Ok, so I was curious and I looked into the headers of healthcare.gov and to my surprise its powered by, err’ Apache and I see NO evidence of accelerators such as Varnish or Nginx. Who could it be, that thought it possible for Apache to serve millions or even hundreds of thousands of visitors per day on a heavy site like this? Also, as explained below the lack of configuring Apache correctly, meant it had no chance!
Here are Healthcare.gov’s main headers:
HTTP/1.1 200 OK
… the only good news here is, at least gzip is being used.

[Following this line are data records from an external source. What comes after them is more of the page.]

(* Let $f:\{0,1\}^n\to\{0,1\}$ be total, $\epsilon\in[0,1/2)$, and $q$ a real polynomial with $q(x)\in[1-2\epsilon,1]$ whenever $f(x)=1$ and $q(x)\in[-1,-1+2\epsilon]$ whenever $f(x)=0$. Define the $2^n\times2^n$ matrix $B_q$ by $(B_q)_{xy}=\tfrac12(q(x)-q(y))$ if $|x\oplus y|=1$ and $(B_q)_{xy}=0$ otherwise. Then $\lambda(f)\le\frac{1}{1-2\epsilon}\|B_q\|$.
   Context: $|x\oplus y|$ is the Hamming distance. The sensitivity graph $G_f$ has vertex set $\{0,1\}^n$ and an edge between $x,y$ iff they differ in exactly one coordinate and $f(x)\ne f(y)$; $A_f$ is its adjacency matrix and $\lambda(f)=\|A_f\|$ (spectral norm). *)

From HB Require Import structures.
From mathcomp Require Import all_boot all_order all_algebra.
From mathcomp Require Import classical_sets reals.
From mathcomp Require mpoly.
Set Implicit Arguments. Unset Strict Implicit. Unset Printing Implicit Defensive.
Import Order.TTheory GRing.Theory Num.Theory.
Local Open Scope ring_scope.

Definition cube (n : nat) := {ffun 'I_n -> bool}.

Definition hamming n (x y : cube n) : nat := #|[set i | x i != y i]|.

Definition cube_pt (R : ringType) n (x : cube n) : 'I_n -> R :=
  fun i => (x i)%:R.

Definition mxapp (R : ringType) (T : finType) (A : T -> T -> R) (v : T -> R)
  : T -> R := fun x => \sum_(y : T) A x y * v y.

Definition enorm (R : realType) (T : finType) (v : T -> R) : R :=
  Num.sqrt (\sum_(x : T) v x ^+ 2).

Definition spec_norm (R : realType) (T : finType) (A : T -> T -> R) : R :=
  sup [set enorm (mxapp A v) | v in [set v : T -> R | enorm v <= 1]]%classic.

Definition sens_adj (R : ringType) n (f : cube n -> bool) : cube n -> cube n -> R :=
  fun x y => if (hamming x y == 1%N) && (f x != f y) then 1 else 0.

Definition lambda_f (R : realType) n (f : cube n -> bool) : R :=
  spec_norm (sens_adj R f).

Definition Bmat (R : fieldType) n (qv : cube n -> R) : cube n -> cube n -> R :=
  fun x y => if hamming x y == 1%N then (qv x - qv y) / 2 else 0.

From HB Require Import structures.
From mathcomp Require Import all_boot all_order all_algebra.
From mathcomp Require Import boolp classical_sets reals.
From mathcomp Require mpoly.
From mathcomp Require Import lra.
Import Order.TTheory GRing.Theory Num.Theory.
Local Open Scope ring_scope.
Set Implicit Arguments. Unset Strict Implicit.

(* Put c = 1 - 2 eps > 0, so that q >= c on f^{-1}(1) and q <= -c on
   f^{-1}(0).  Given a vector v, split |v| into its restrictions w1 to
   f^{-1}(1) and w0 to f^{-1}(0) (abs_on true v and abs_on false v below).  For a fixed x with f x = 1, every
   sensitive neighbour y of x has f y = 0, hence q x - q y >= 2c, so
   c |(A_f v)_x| <= (B_q w0)_x; symmetrically, if f x = 0 then
   c |(A_f v)_x| <= -(B_q w1)_x (non-sensitive neighbours contribute
   nonnegative terms since w0, w1 >= 0 and q has constant sign on each side).
   Summing squares, c^2 |A_f v|^2 <= |B_q w0|^2 + |B_q w1|^2
   <= ||B_q||^2 (|w0|^2 + |w1|^2) = ||B_q||^2 |v|^2. *)

Section SpectralNorm.
Variables (R : realType) (T : finType).
Implicit Types (v w : T -> R) (M : T -> T -> R).

Definition sqnorm v : R := \sum_(x : T) v x ^+ 2.

Lemma sqnorm_ge0 v : 0 <= sqnorm v.
Proof. by apply: sumr_ge0 => x _; rewrite sqr_ge0. Qed.

Lemma enorm_ge0 v : 0 <= enorm v.
Proof. exact: sqrtr_ge0. Qed.

Lemma sqr_enorm v : enorm v ^+ 2 = sqnorm v.
Proof. exact: sqr_sqrtr (sqnorm_ge0 v). Qed.

Lemma enorm0 : enorm (fun _ : T => 0 : R) = 0.
Proof. by rewrite /enorm big1 ?sqrtr0 // => x _; rewrite expr0n. Qed.

Lemma sqr_coord_le v y : v y ^+ 2 <= sqnorm v.
Proof.
rewrite /sqnorm (bigD1 y) //= lerDl; apply: sumr_ge0 => x _; exact: sqr_ge0.
Qed.

Lemma enorm_le_sqnorm v (k : R) :
  0 <= k -> (enorm v <= k) = (sqnorm v <= k ^+ 2).
Proof. by move=> k0; rewrite -sqr_enorm ler_sqr ?nnegrE ?enorm_ge0. Qed.

Lemma coord_le1 v y : enorm v <= 1 -> `|v y| <= 1.
Proof.
rewrite enorm_le_sqnorm // expr1n => hv.
rewrite -(ler_sqr (R:=R)) ?nnegrE // real_normK ?num_real // expr1n.
exact: le_trans (sqr_coord_le v y) hv.
Qed.

Lemma enormZ (a : R) v : 0 <= a -> enorm (fun y => a * v y) = a * enorm v.
Proof.
move=> a0; rewrite /enorm.
under eq_bigr => y _ do rewrite exprMn.
by rewrite -mulr_sumr sqrtrM ?sqr_ge0 // sqrtr_sqr ger0_norm.
Qed.

Lemma mxappZ M (a : R) v : mxapp M (fun y => a * v y) = (fun x => a * mxapp M v x).
Proof.
by apply: funext => x; rewrite /mxapp mulr_sumr; apply: eq_bigr => y _; rewrite mulrCA.
Qed.

Definition image_ball M :=
  [set enorm (mxapp M v) | v in [set v : T -> R | enorm v <= 1]]%classic.

Lemma image_ball_has_sup M : has_sup (image_ball M).
Proof.
split; first by exists (enorm (mxapp M (fun _ => 0))); exists (fun _ => 0); rewrite //= enorm0.
exists (Num.sqrt (\sum_x (\sum_y `|M x y|) ^+ 2)) => _ [v /= hv <-].
rewrite /enorm ler_sqrt; last by apply: sumr_ge0 => x _; rewrite sqr_ge0.
apply: ler_sum => x _.
rewrite -real_normK ?num_real // ler_sqr ?nnegrE //; last by apply: sumr_ge0.
apply: le_trans (ler_norm_sum _ _ _) _; apply: ler_sum => y _.
by rewrite normrM ler_piMr // coord_le1.
Qed.

Lemma spec_norm_ub M v : enorm v <= 1 -> enorm (mxapp M v) <= spec_norm M.
Proof. by move=> hv; apply: sup_upper_bound (image_ball_has_sup M) _ _; exists v. Qed.

Lemma spec_norm_ge0 M : 0 <= spec_norm M.
Proof.
have zero_unit : enorm (fun _ : T => 0 : R) <= 1 by rewrite enorm0.
exact: le_trans (enorm_ge0 _) (spec_norm_ub M zero_unit).
Qed.

Lemma spec_norm_le M (k : R) :
  (forall v, enorm v <= 1 -> enorm (mxapp M v) <= k) -> spec_norm M <= k.
Proof.
move=> hk; apply: ge_sup; first by case: (image_ball_has_sup M).
by move=> _ [v /= hv <-]; exact: hk.
Qed.

(* The operator inequality |M w| <= ||M|| |w|, by rescaling w to the unit sphere. *)
Lemma spec_norm_bound M w : enorm (mxapp M w) <= spec_norm M * enorm w.
Proof.
have [w0|wpos] := eqVneq (enorm w) 0.
  have -> : w = (fun _ => 0).
    apply: funext => y; apply/eqP; rewrite -sqrf_eq0 eq_le sqr_ge0 andbT.
    by have := sqr_coord_le w y; rewrite -sqr_enorm w0 expr0n.
  by rewrite /mxapp (_ : (fun x => _) = fun _ => 0) ?enorm0 ?mulr0 //;
    apply: funext => x; rewrite big1 // => y _; rewrite mulr0.
have tgt : 0 < enorm w by rewrite lt_def wpos enorm_ge0.
have inv_ge0 : 0 <= (enorm w)^-1 by rewrite invr_ge0 ltW.
have unit : enorm (fun y => (enorm w)^-1 * w y) <= 1.
  by rewrite (enormZ _ inv_ge0) mulVf.
have := spec_norm_ub M unit.
rewrite mxappZ (enormZ (mxapp M w) inv_ge0) => scaled.
by rewrite mulrC -ler_pdivrMl.
Qed.

Lemma sqnorm_bound M w : sqnorm (mxapp M w) <= spec_norm M ^+ 2 * sqnorm w.
Proof.
have bound_ge0 : 0 <= spec_norm M * enorm w by rewrite mulr_ge0 ?spec_norm_ge0 ?enorm_ge0.
by rewrite -!sqr_enorm -exprMn ler_sqr ?nnegrE ?enorm_ge0 ?spec_norm_bound.
Qed.

End SpectralNorm.

Section SensitivityBound.
Variables (R : realType) (n : nat) (f : cube n -> bool) (qv : cube n -> R) (c : R).
Hypothesis c_gt0 : 0 < c.
Hypothesis qv_true : forall x, f x -> c <= qv x.
Hypothesis qv_false : forall x, ~~ f x -> qv x <= - c.

Let A := sens_adj R f.
Let B := Bmat qv.

Definition abs_on (b : bool) (v : cube n -> R) : cube n -> R :=
  fun y => if f y == b then `|v y| else 0.

Lemma sqnorm_abs_on v : sqnorm (abs_on true v) + sqnorm (abs_on false v) = sqnorm v.
Proof.
rewrite /sqnorm -big_split /=; apply: eq_bigr => y _; rewrite /abs_on.
by case: (f y); rewrite expr0n /= ?add0r ?addr0 real_normK ?num_real.
Qed.

(* Termwise comparison at a point x: each sensitive edge at x contributes at
   least c |v y| to B_q |v|_{f^{-1}(~~ f x)}, with sign (-1)^{~~ f x}; all
   other edges contribute terms of that same sign. *)
Lemma sens_row_bound v x :
  c * `|mxapp A v x| <=
    (if f x then 1 else -1) * mxapp B (abs_on (~~ f x) v) x.
Proof.
apply: le_trans (_ : c * \sum_y `|A x y * v y| <= _).
  by rewrite ler_pM2l // ler_norm_sum.
rewrite mulr_sumr /mxapp mulr_sumr; apply: ler_sum => y _.
rewrite /A /B /sens_adj /Bmat /abs_on.
case: (hamming x y == 1%N) => /=; last by rewrite !(mul0r, mulr0, normr0).
case hx: (f x); case hy: (f y) => /=; rewrite ?(mul0r, mulr0, normr0, mul1r) //.
- have qx := qv_true hx; have qy := qv_false (negbT hy).
  by apply: ler_wpM2r => //; lra.
- have qx := qv_false (negbT hx); have qy := qv_true hy.
  by rewrite mulrA mulN1r -mulNr; apply: ler_wpM2r => //; lra.
Qed.

Lemma sens_row_sqr_bound v x :
  c ^+ 2 * mxapp A v x ^+ 2 <=
    mxapp B (abs_on true v) x ^+ 2 + mxapp B (abs_on false v) x ^+ 2.
Proof.
have k0 : 0 <= c * `|mxapp A v x| := mulr_ge0 (ltW c_gt0) (normr_ge0 _).
have key := sens_row_bound v x.
rewrite -exprMn -real_normK ?num_real // normrM (gtr0_norm c_gt0).
apply: (@le_trans _ _ (((if f x then 1 else -1) * mxapp B (abs_on (~~ f x) v) x) ^+ 2)).
  by rewrite ler_sqr ?nnegrE //; exact: le_trans key.
by case: (f x); rewrite /= ?mul1r ?mulN1r ?sqrrN ?lerDl ?lerDr sqr_ge0.
Qed.

Lemma sens_norm_bound v : c * enorm (mxapp A v) <= spec_norm B * enorm v.
Proof.
have lhs_ge0 : 0 <= c * enorm (mxapp A v) by rewrite mulr_ge0 ?enorm_ge0 ?ltW.
have rhs_ge0 : 0 <= spec_norm B * enorm v by rewrite mulr_ge0 ?spec_norm_ge0 ?enorm_ge0.
rewrite -ler_sqr ?nnegrE // !exprMn !sqr_enorm.
apply: le_trans (_ : sqnorm (mxapp B (abs_on true v)) +
                     sqnorm (mxapp B (abs_on false v)) <= _).
  by rewrite /sqnorm mulr_sumr -big_split; apply: ler_sum => x _; exact: sens_row_sqr_bound.
by rewrite -(sqnorm_abs_on v) mulrDr lerD ?sqnorm_bound.
Qed.

Lemma sens_lambda_bound : c * lambda_f R f <= spec_norm B.
Proof.
rewrite mulrC -ler_pdivlMr //; apply: spec_norm_le => v hv.
rewrite ler_pdivlMr // mulrC; apply: le_trans (sens_norm_bound v) _.
by rewrite ler_piMr ?spec_norm_ge0.
Qed.

End SensitivityBound.

Theorem lemma4p13 (R : realType) (n : nat) (f : cube n -> bool) (eps : R)
  (q : mpoly.mpoly n R) :
  0 <= eps -> eps < 1 / 2 ->
  (forall x : cube n, f x ->
     1 - 2 * eps <= mpoly.meval (cube_pt R x) q <= 1) ->
  (forall x : cube n, ~~ f x ->
     -1 <= mpoly.meval (cube_pt R x) q <= -1 + 2 * eps) ->
  lambda_f R f <=
    (1 - 2 * eps)^-1 * spec_norm (Bmat (fun x => mpoly.meval (cube_pt R x) q)).
Proof.
move=> eps_ge0 eps_lt H1 H0.
have c_gt0 : 0 < 1 - 2 * eps by lra.
rewrite mulrC ler_pdivlMr // mulrC.
apply: sens_lambda_bound => // x.
  by case/H1/andP.
by case/H0/andP => _; rewrite opprB addrC.
Qed.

The next problem, also indicated by the headers, or a lack thereof, is no caching of static files. For example, all of these files (and many others) are missing caching headers:
… this means each of those files have to be repeatedly served by Apache every time a user visits a page, refreshes, etc. When a website lacks caching this becomes even more of a critical issue when there’s programming issues and site errors. It means that as users try to refresh pages and revisit repeatedly because of website errors, that multiplies the load on the server greatly! For example, with 1 million visitors retrying a “single” page just 2 to 3 times would have resulted in 2 to 3 million requests for “each” static file! A cache TTL setting of even 1 hour could have lowered loads on Apache significantly.
They’re also using the CDN service by Optimizely.com and assets.healthcare.gov is being serving from Akamai. This is fine, but not enough of the assets were being served by these CDNs, as such ultimately there should have been a proxy web server in front of Apache for statics to ensure its not overwhelmed.